Here, I’m traveling at about 30 miles per hour, and you can see the deduction just keeps going up, and up, and up, and, as you can imagine, the faster you drive, the more miles you’re putting on per second, and your mileage deduction will go up even quicker. So, if you leave this app running while you’re driving for Uber or Lyft, putting hundreds of miles on your car every day, you’ll definitely see a big deduction at the end of the day. It does run in the background while you’re driving. You don’t need to stay on this particular screen the whole time. You can switch back and forth to Google Maps or to Uber or to Lyft, and it will continue tracking all your miles in the background while you do those things.
It’s fairly lightweight. I didn’t really notice it slowing my phone down too much, which is definitely very important with these mileage tracking apps, especially if you’ve got an older phone, one with not as much RAM to keep multiple programs open the whole time. I did find it to be fairly efficient and fairly quick in its usage of of the memory and the processor on your phone.
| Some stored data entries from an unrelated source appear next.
Lemma nested_balls_limit (c : nat -> Borel T -> R) (r : nat -> R) :
  (forall n, Linf mu (c n)) -> (forall n, 0 < r n)%R ->
  (forall n, r n.+1 <= r n / 4)%R -> (forall n t, `|c n t - c n.+1 t| <= r n / 2)%R ->
  exists g, Linf mu g /\ forall k, Ldist mu (c k) g < (r k)%:E.
Proof.
move=> Lc r_gt0 r_shrink c_step.
pose g t := limn (c ^~ t).
have c_cvg t : cvgn (c ^~ t) := geometric_cvg r_gt0 r_shrink (c_step ^~ t).
have dist k : Ldist mu (c k) g < (r k)%:E.
  apply: (@le_lt_trans _ _ (2 / 3 * r k)%:E).
    by apply/LinfnormP; apply: nearW => t; exact: geometric_lim_dist.
  by rewrite lte_fin; have := r_gt0 k; lra.
have mg : measurable_fun setT g.
  by apply: (measurable_fun_cvg (h := c)) => [n|t _]; [case: (Lc n) | exact: c_cvg].
exists g; split => //; apply: Linf_near (Lc 0%N) mg _.
by apply: lt_trans (dist 0%N) _; rewrite ltry.
Qed.

Lemma ball_not_sigma_porous (S : set (Borel T -> R)) (c0 : Borel T -> R)
    (r0 : R) :
  Linf mu c0 -> (0 < r0)%R ->
  (forall f, Linf mu f -> Ldist mu c0 f < r0%:E -> S f) -> ~ sigma_porous mu S.
Proof.
move=> Lc0 r0_gt0 ballS [lam [/andP[lam_gt0 _] [E [Eporous SE]]]].
have step (kcr : nat * ((Borel T -> R) * R)) : exists cr' : (Borel T -> R) * R,
    Linf mu kcr.2.1 /\ (0 < kcr.2.2)%R ->
    [/\ Linf mu cr'.1, (0 < cr'.2)%R, (cr'.2 <= kcr.2.2 / 4)%R,
        (forall t, `|kcr.2.1 t - cr'.1 t| <= kcr.2.2 / 2)%R &
        forall z, Linf mu z -> Ldist mu cr'.1 z < cr'.2%:E -> ~ E kcr.1 z].
  have [[Lc r_gt0]|] := pselect (Linf mu kcr.2.1 /\ (0 < kcr.2.2)%R); last first.
    by exists kcr.2.
  by have [c' [r' ?]] := porous_hole lam_gt0 (Eporous kcr.1) Lc r_gt0; exists (c', r').
have [next nextP] := choice step.
pose s := fix s n := if n is k.+1 then next (k, s k) else (c0, r0).
have inv n : Linf mu (s n).1 /\ (0 < (s n).2)%R.
  by elim: n => [|n [Lc r_gt0]] //; case: (nextP (n, s n) (conj Lc r_gt0)).
have [g [Lg g_in]] : exists g, Linf mu g /\ forall k, Ldist mu (s k).1 g < (s k).2%:E.
  apply: nested_balls_limit => n; [exact: (inv n).1 | exact: (inv n).2 | |];
    by case: (nextP (n, s n) (inv n)).
have [n _ Eng] : (\bigcup_n E n) g by rewrite -SE; apply: ballS (g_in 0%N).
by case: (nextP (n, s n) (inv n)) => _ _ _ _ hole; apply: (hole g Lg (g_in n.+1)).
Qed.

(* A map preserving the L^oo norm pulls back null sets to null sets (test the
   hypothesis on the indicator of a null set). *)
Lemma ae_comp (beta : Borel T -> Borel T) (P : Borel T -> Prop) :
  (forall f, Linf mu f -> Linfnorm mu (f \o beta) = Linfnorm mu f) ->
  (\forall x \ae mu, P x) -> \forall x \ae mu, P (beta x).
Proof.
move=> beta_norm [A [mA muA notP_A]].
have LA : Linf mu \1_A.
  apply: (@Linf_bounded _ 1) => [|t]; first exact: measurable_indic.
  by rewrite indicE; case: (_ \in _); rewrite ?normr1 ?normr0.
have A_null : Linfnorm mu \1_A <= 0%:E.
  apply/LinfnormP; exists A; split => // t /= A1_pos; apply: contrapT => notA.
  by apply: A1_pos; rewrite indicE memNset ?normr0.
rewrite -beta_norm // in A_null; move/LinfnormP: A_null; apply: filterS => t /= A1_le0.
apply: contrapT => notP; move: A1_le0; rewrite indicE mem_set ?normr1 ?ler10 //.
exact: notP_A.
Qed.

Lemma ae_comp_iter (beta : Borel T -> Borel T) (n : nat) (P : Borel T -> Prop) :
  (forall f, Linf mu f -> Linfnorm mu (f \o beta) = Linfnorm mu f) ->
  (\forall x \ae mu, P x) -> \forall x \ae mu, P (iter n beta x).
Proof.
move=> beta_norm; elim: n P => [//|n IH] P /IH /(ae_comp beta_norm).
by apply: filterS => x; rewrite iterSr.
Qed.

Lemma measure_setT_gt0 (F : set (Borel T)) :
  measurable F -> 0 < mu F -> 0 < mu setT.
Proof. by move=> mF F_gt0; apply: lt_le_trans F_gt0 _; apply: le_measure; rewrite ?inE. Qed.

Lemma not_ae_notin (F : set (Borel T)) :
  measurable F -> 0 < mu F -> ~ \forall x \ae mu, ~ F x.
Proof.
move=> mF F_gt0 [A [mA muA F_A]]; have : mu F <= mu A.
  by apply: le_measure; rewrite ?inE // => x Fx; apply: F_A => /(_ Fx).
by rewrite muA leNgt F_gt0.
Qed.

Lemma Linf_scaled_indicator (F : set (Borel T)) (K : R) :
  measurable F -> (0 <= K)%R -> Linf mu (cst K \* \1_F)%R.
Proof.
move=> mF K_ge0; apply: (Linf_bounded (a := K)) => [|t].
  exact: measurable_funM (measurable_cst _) (measurable_indic _).
by rewrite /= indicE; case: (t \in F); rewrite /= ?mulr1 ?mulr0 ?normr0 ?ger0_norm.
Qed.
You can see a running tally of your deductions
And then, back on the main screen here, we can see a running tally of all the deductions that we’ve earned so far for the year. And in the top left you’ve got a menu button. Here you’ll also find an option to add a trip that you didn’t track in realtime using the Record a Drive feature. So, let’s say you forgot to have the app running, you can go back in and add those miles into your tally so they still get counted at tax time, and you have them all in one place. This is super-handy, and a really nice feature for them to include here.
There’s also going to be an “Export to Tax Report” function so you can spit out all your deductions in an easily-digestible document to submit to your tax professional, or to use while preparing your own taxes. They haven’t implemented this feature yet, but I’m sure it’ll work great when they do.
Stride can also connect you to other benefits
Over in the top left, you’ll also see a Benefits tab. Now, if I understand correctly, Stride is actually, they connect people with insurance companies, so what you can do is you can go into the Benefits tab, input a little information about yourself, and they will actually spit out a list of different healthcare options, dental providers, vision insurance providers that you can call upon as an independent contractor. I think that one of the reasons they’re offering this app is because independent contractors, like Uber and Lyft drivers, and DoorDash drivers, and Amazon Flex drivers, and all those other types of app-based work, we typically don’t get health insurance, so I think they looked at us as a particularly profitable demographic to market some of those health insurance plans to. This is one of the reasons that it’s a free app.
They do, obviously, get a lot of their income from the health insurance side of things rather than the mileage tracking side of things. However, the mileage tracking is certainly a nice bonus, and I definitely recommend this app. It’s very lightweight, like I said, very compact, and very free, probably the best feature. It gets the job done, it’s pretty straightforward to use, and I didn’t encounter any bugs or crashes, really, or anything negative about it. So, I highly recommend this app.
Definitely check out Stride if you’ve got an Android or an iPhone; it is now on both. Thank you so much for watching. Drive safe!